Poland exported 200,000 tons of beef and poultry produced in accordance with Jewish and Muslim practices in 2011, he said. “Exports of halal and kosher meat, also including lamb and goat, were worth one billion euros ($1.3 billion).”

“The meat production sector’s total turnover is 40 billion zlotys ($12.7 billion) and it employs 90,000-100,000 people,” he adds. “Several thousand people work in halal and kosher slaughterhouses in Poland,” he said.

The country’s Constitutional Tribunal found an Agricultural Ministry derogation exempting religious slaughter from the requirement of pre-stunning was non-compliant with the Polish Animal Protection Act. The ruling, which made ritual slaughter illegal from January 1, 2013, led to protests by religious communities.

“For Jews, moves against shechita [Jewish ritual slaughter] even subconsciously raise resistance,” said Chief Rabbi of Poland Michael Schudrich. “But as far as I can see this has nothing to do with the pre-war experience. It impacts on Jewish life, but it’s not about Jews.”

Polish halal and kosher meat has enjoyed a cost advantage because Poles don’t eat much beef, from any type of slaughter, removing domestic price pressure, and because its beef producers use the cheapest method, outdoor grazing, said Mr. Choinski of the meat lobby group. Poles prefer pork.

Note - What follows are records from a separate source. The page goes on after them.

Lemma height_maps_progressions m : m <> 0 -> exists q, maps_progressions height m q.
Proof.
  intro Hm. set (H := helix (proj1_sig th0) 0 m).
  assert (HH : forall (t : S1) s0 y, cong (proj1_sig t) (proj1_sig th0 + s0) ->
                 H (t, y) <-> exists k : Z, y = m * (s0 + IZR k)).
  { intros t s0 y Ht. unfold H. rewrite (helix_column _ _ _ _ s0 y Ht).
    split; intros [k Hk]; exists k; lra. }
  destruct (geodesic_cases _ (f_geod _ (helix_geodesic (proj1_sig th0) 0 m)))
    as [[t' Ht'] | [a [c [q Hl]]]].
  - (* The helix meets every vertical, so [col] would be constant. *)
    exfalso.
    assert (Hcol : forall t, col t = t').
    { intro t. rewrite <- (fst_f t (m * (proj1_sig t - proj1_sig th0))).
      apply Ht', img_inj, HH with (s0 := proj1_sig t - proj1_sig th0); [exists 0%Z; ring|].
      exists 0%Z. ring. }
    set (t1 := S1of (proj1_sig th0 + 1 / 2)).
    assert (E : th0 = t1) by (apply col_inj; rewrite !Hcol; reflexivity).
    assert (Hhalf : proj1_sig th0 = proj1_sig th0 + 1 / 2).
    { apply cong_small; [rewrite E at 1; apply S1of_cong | split_Rabs; lra]. }
    lra.
  - exists q. intros x y.
    set (t := S1of (proj1_sig th0 + x / m)).
    set (s1 := proj1_sig (col t) - a).
    assert (Hcolumn : forall z, H (t, z) <-> exists j : Z, height z = c + q * (s1 + IZR j)).
    { intro z. transitivity (helix a c q (f (t, z))).
      - rewrite <- Hl. symmetry. apply img_inj.
      - rewrite f_col_height. apply helix_column. exists 0%Z. unfold s1. ring. }
    assert (Hx : H (t, x))
      by (apply (HH t (x / m)); [apply S1of_cong | exists 0%Z; field; exact Hm]).
    apply Hcolumn in Hx as [j0 Hj0].
    transitivity (H (t, y)).
    { rewrite (HH t (x / m) y) by apply S1of_cong.
      split; intros [k Hk]; exists k; rewrite Hk; field; exact Hm. }
    rewrite Hcolumn. split; intros [j Hj].
    + exists (j - j0)%Z. rewrite Hj, Hj0, minus_IZR. ring.
    + exists (j + j0)%Z. rewrite Hj, Hj0, plus_IZR. ring.
Qed.

End GeodesicPreservingMap.

Theorem lemma4p5 (f : Cyl -> Cyl) (th0 : S1) :
  bijective_map f ->
  geodesic_preserving f ->
  (forall p, img f (vertical th0) p <-> vertical th0 p) ->
  f (th0, 0) = (th0, 0) ->
  f (th0, 1) = (th0, 1) ->
  forall x y : Cyl, fst x = fst y -> dC x y = 1 -> dC (f x) (f y) = 1.
Proof.
  intros Hbij Hgeod Hvert H0 H1 x y Exy Dxy.
  set (phi := height f th0).
  assert (Hstep : forall b, Rabs (phi (b + 1) - phi b) = 1).
  { intro b. rewrite (unit_step_abs_const phi (height_inj f th0 Hbij Hgeod Hvert)
                        (height_surj f th0 Hbij Hgeod Hvert)
                        (height_maps_progressions f th0 Hbij Hgeod Hvert)).
    unfold phi, height. rewrite H0, H1. cbn. rewrite Rminus_0_r. apply Rabs_R1. }
  rewrite (surjective_pairing x), (surjective_pairing y) in Dxy |- *.
  rewrite !(f_col_height f th0 Hbij Hgeod Hvert).
  rewrite dC_same_column in Dxy |- * by (cbn; congruence). cbn in Dxy |- *. fold phi.
  destruct (Rle_or_lt 0 (snd x - snd y)).
  - rewrite Rabs_right in Dxy by lra. replace (snd x) with (snd y + 1) by lra. apply Hstep.
  - rewrite Rabs_left in Dxy by lra. replace (snd y) with (snd x + 1) by lra.
    rewrite <- Rabs_Ropp, Ropp_minus_distr. apply Hstep.
Qed.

“Land is cheaper and there are regions of Poland with empty hilly land that can’t be used for much except grazing,” he says. “Also labor costs are lower here.”

Another factor facilitating kosher exports from Poland to Israel: many Israelis have family roots in Poland and speak Polish.

“As long as there are 1.8 billion Muslims, there will be a market for halal … and Poland should take advantage,” said Dr. Mohamed Salah Messikh, the chief executive of Halal Polska, whose company has seen its annual sales rising 30% annually.